- Exercise brief: What you need to produce from the material below is an exact transcription of the lines from the one with "Definition height_before (h" through the one with "Definition floorR (x : R) : Z := Int_part x.", both included, and no other line.

- Supplied material:
(* For every instance, $H^{PW''}\le \tfrac{32000}{16947}H^*$ (note $\tfrac{32000}{16947}\approx 1.888$). That is, the approximation ratio of algorithm PW'' never exceeds $\tfrac{32000}{16947}$.
   Context: An instance consists of an integer $n\ge 1$ and growth rates $1=h(1)\ge h(2)\ge\cdots\ge h(n)>0$ of bamboos $b_1,\dots,b_n$. Bamboo Garden Trimming (discrete version): - All heights are $0$ initially. - On each day $t=1,2,\dots$ every bamboo $b_j$ grows by $h(j)$. - At the end of each day the gardener cuts exactly one bamboo $\sigma(t)\in\{1,\dots,n\}$ back to height $0$. The height of a schedule $\sigma:\mathbb{N}\to\{1,\dots,n\}$ is the supremum, over all days $t$ and all $j$, of the height of $b_j$ at the end of day $t$ just before the cut. $H^*$ denotes the infimum of this height over all schedules. Value of algorithm PW'': - Split $\{1,\dots,n\}$ into four sets: - $S_1=\{j: \tfrac23<h(j)\le 1\}$; - $S_2=\{j:\tfrac12<h(j)\le\tfrac23\}$; - $S_3=\{j: h(j)\le\tfrac12 \text{ and } \tfrac23 2^{-k}<h(j)\le 2^{-k}\text{ for some integer }k\ge1\}$; - $S_4=\{j: h(j)\le\tfrac12\text{ and } 2^{-(k+1)}<h(j)\le \tfrac23 2^{-k}\text{ for some integer }k\ge 1\}$. - Modified growths: $h''(j)=2^{-k}$ for $j\in S_3$ and $h''(j)=\tfrac23 2^{-k}$ for $j\in S_4$, with $k$ as in the definition of the set. - Let $\pi_1=|S_1|$, $sh_3=\sum_{j\in S_3}h''(j)$, $sh_4=\sum_{j\in S_4}h''(j)$, $\pi_3=\lfloor sh_3\rfloor$, $\pi_4=\lfloor sh_4\rfloor$, $f_3=sh_3-\pi_3$, $f_4=sh_4-\pi_4$. - Option (a): $\pi_R(a)=\lceil f_3+f_4\rceil$ and $z(a)=\pi_1+|S_2|+\pi_3+\pi_4+\pi_R(a)$. - Option (b): if $S_2=\emptyset$ put $z(b)=+\infty$. Otherwise let $h^*=\max_{j\in S_2}h(j)$ and $f_2=\tfrac12$ if $|S_2|$ is odd, $f_2=0$ if $|S_2|$ is even. Then $\pi_R(b)=\lceil f_2+f_3+f_4\rceil$ and $z(b)=2h^*\,(\pi_1+\lfloor |S_2|/2\rfloor+\pi_3+\pi_4+\pi_R(b))$. - The value returned by algorithm PW'' is $H^{PW''}=\min\{z(a),z(b)\}$. The paper takes this as the maximum height of the periodic pinwheel trimming schedule that it builds from these partitions. *)

From Stdlib Require Import Reals Lra Lia List Arith ZArith.
Open Scope R_scope.

(** Bamboos are indexed 1..n, days are 1,2,...; a schedule is sigma : nat -> nat
    (value on day t = index of the bamboo cut at end of day t; sigma 0 unused). *)

Fixpoint height_after (h : nat -> R) (sigma : nat -> nat) (j : nat) (t : nat) : R :=
  match t with
  | O => 0
  | S t' => if Nat.eqb (sigma (S t')) j then 0
            else height_after h sigma j t' + h j
  end.

(** Height of bamboo j at the end of day t >= 1, just before the cut. *)
Definition height_before (h : nat -> R) (sigma : nat -> nat) (j : nat) (t : nat) : R :=
  height_after h sigma j (pred t) + h j.

(** Floor and ceiling (Int_part x = up x - 1 is the floor of x). *)
Definition floorR (x : R) : Z := Int_part x.
Definition ceilR (x : R) : Z := (- Int_part (- x))%Z.

(** For 0 < x <= 1/2: the integer k >= 1 with 2^{-(k+1)} < x <= 2^{-k},
    i.e. k = floor(-log2 x). *)
Definition kexp (x : R) : nat := Z.to_nat (Int_part (- ln x / ln 2)).
Definition pow2inv (k : nat) : R := / (2 ^ k).

Definition ltb (x y : R) : bool := if Rlt_dec x y then true else false.
Definition leb (x y : R) : bool := if Rle_dec x y then true else false.

Definition inS1 (x : R) : bool := ltb (2/3) x && leb x 1.
Definition inS2 (x : R) : bool := ltb (1/2) x && leb x (2/3).
Definition inS3 (x : R) : bool :=
  leb x (1/2) && ltb (2/3 * pow2inv (kexp x)) x && leb x (pow2inv (kexp x)).
Definition inS4 (x : R) : bool :=
  leb x (1/2) && ltb (pow2inv (S (kexp x))) x && leb x (2/3 * pow2inv (kexp x)).

(** Modified growth h'' for S3 / S4 members. *)
Definition h3 (x : R) : R := pow2inv (kexp x).
Definition h4 (x : R) : R := 2/3 * pow2inv (kexp x).

Definition idx (n : nat) : list nat := seq 1 n.
Definition S1 (n : nat) (h : nat -> R) := filter (fun j => inS1 (h j)) (idx n).
Definition S2 (n : nat) (h : nat -> R) := filter (fun j => inS2 (h j)) (idx n).
Definition S3 (n : nat) (h : nat -> R) := filter (fun j => inS3 (h j)) (idx n).
Definition S4 (n : nat) (h : nat -> R) := filter (fun j => inS4 (h j)) (idx n).

Definition sumR (l : list R) : R := fold_right Rplus 0 l.

Definition sh3 n h := sumR (map (fun j => h3 (h j)) (S3 n h)).
Definition sh4 n h := sumR (map (fun j => h4 (h j)) (S4 n h)).
Definition pi1 n h : R := INR (length (S1 n h)).
Definition pi3 n h : R := IZR (floorR (sh3 n h)).
Definition pi4 n h : R := IZR (floorR (sh4 n h)).
Definition f3 n h : R := sh3 n h - pi3 n h.
Definition f4 n h : R := sh4 n h - pi4 n h.

Definition z_a n h : R :=
  pi1 n h + INR (length (S2 n h)) + pi3 n h + pi4 n h
  + IZR (ceilR (f3 n h + f4 n h)).

(** Option (b), only used when S2 is nonempty. *)
Definition hstar n h : R := fold_right Rmax 0 (map h (S2 n h)).
Definition f2 n h : R := if Nat.odd (length (S2 n h)) then 1/2 else 0.
Definition z_b n h : R :=
  2 * hstar n h *
  (pi1 n h + INR (Nat.div (length (S2 n h)) 2) + pi3 n h + pi4 n h
   + IZR (ceilR (f2 n h + f3 n h + f4 n h))).

(** H^{PW''} = min(z(a), z(b)), with z(b) = +infinity when S2 is empty. *)
Definition H_PW (n : nat) (h : nat -> R) : R :=
  match S2 n h with
  | nil => z_a n h
  | _ :: _ => Rmin (z_a n h) (z_b n h)
  end.

Definition height_bounded_by (n : nat) (h : nat -> R) (sigma : nat -> nat) (B : R) : Prop :=
  forall t j, (1 <= t)%nat -> (1 <= j <= n)%nat -> height_before h sigma j t <= B.

(* Two lower bounds hold for every height bound B of a schedule when n >= 2: B >= 2 h(1) = 2,
   and B >= sum_j h(j) (a day's cut removes at most B, while the garden grows by sum_j h(j)).
   On the other side, z(a) and z(b) are bounded linearly in |S1|, |S2| and sh3 + sh4; since
   h'' <= 3/2 h on S3 and S4, h > 2/3 on S1 and h(1) = 1, the sum of the growth rates
   dominates 2/3 |S1| + 1/3 + h* + (|S2| - 1)/2 + 2/3 (sh3 + sh4), and the ratio bound
   reduces to a polynomial inequality in these quantities. *)

From Pilot Require Import Defs.
From Stdlib Require Import Reals List Arith ZArith Lra Lia Psatz.
Open Scope R_scope.

Section SumR.

Implicit Types (f g : nat -> R) (l : list nat).

Lemma sumR_map_ext_in f g l :
  (forall x, In x l -> f x = g x) -> sumR (map f l) = sumR (map g l).
Proof. induction l as [|a l IH]; simpl; intros H; [lra|]. rewrite H, IH; auto. Qed.

Lemma sumR_map_add f g l :
  sumR (map (fun j => f j + g j) l) = sumR (map f l) + sumR (map g l).
Proof. induction l as [|a l IH]; simpl; [lra|]. rewrite IH; lra. Qed.

Lemma sumR_map_sub f g l :
  sumR (map (fun j => f j - g j) l) = sumR (map f l) - sumR (map g l).
Proof. induction l as [|a l IH]; simpl; [lra|]. rewrite IH; lra. Qed.

Lemma sumR_map_scal (c : R) f l :
  sumR (map (fun j => c * f j) l) = c * sumR (map f l).
Proof. induction l as [|a l IH]; simpl; [lra|]. rewrite IH; lra. Qed.

Lemma sumR_map_const (c : R) l : sumR (map (fun _ => c) l) = c * INR (length l).
Proof.
  induction l as [|a l IH]; cbn [map sumR fold_right length]; [simpl; lra|].
  fold (sumR (map (fun _ => c) l)). rewrite IH, S_INR. lra.
Qed.

Lemma sumR_map_le f g l :
  (forall x, In x l -> f x <= g x) -> sumR (map f l) <= sumR (map g l).
Proof.
  induction l as [|a l IH]; simpl; intros H; [lra|].
  assert (f a <= g a) by auto. assert (sumR (map f l) <= sumR (map g l)) by auto. lra.
Qed.

Lemma sumR_map_nonneg f l : (forall x, In x l -> 0 <= f x) -> 0 <= sumR (map f l).
Proof.
  intros H. rewrite <- (Rmult_0_l (INR (length l))), <- sumR_map_const.
  now apply sumR_map_le.
Qed.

- Exercise answer:
Definition height_before (h : nat -> R) (sigma : nat -> nat) (j : nat) (t : nat) : R :=
  height_after h sigma j (pred t) + h j.

(** Floor and ceiling (Int_part x = up x - 1 is the floor of x). *)
Definition floorR (x : R) : Z := Int_part x.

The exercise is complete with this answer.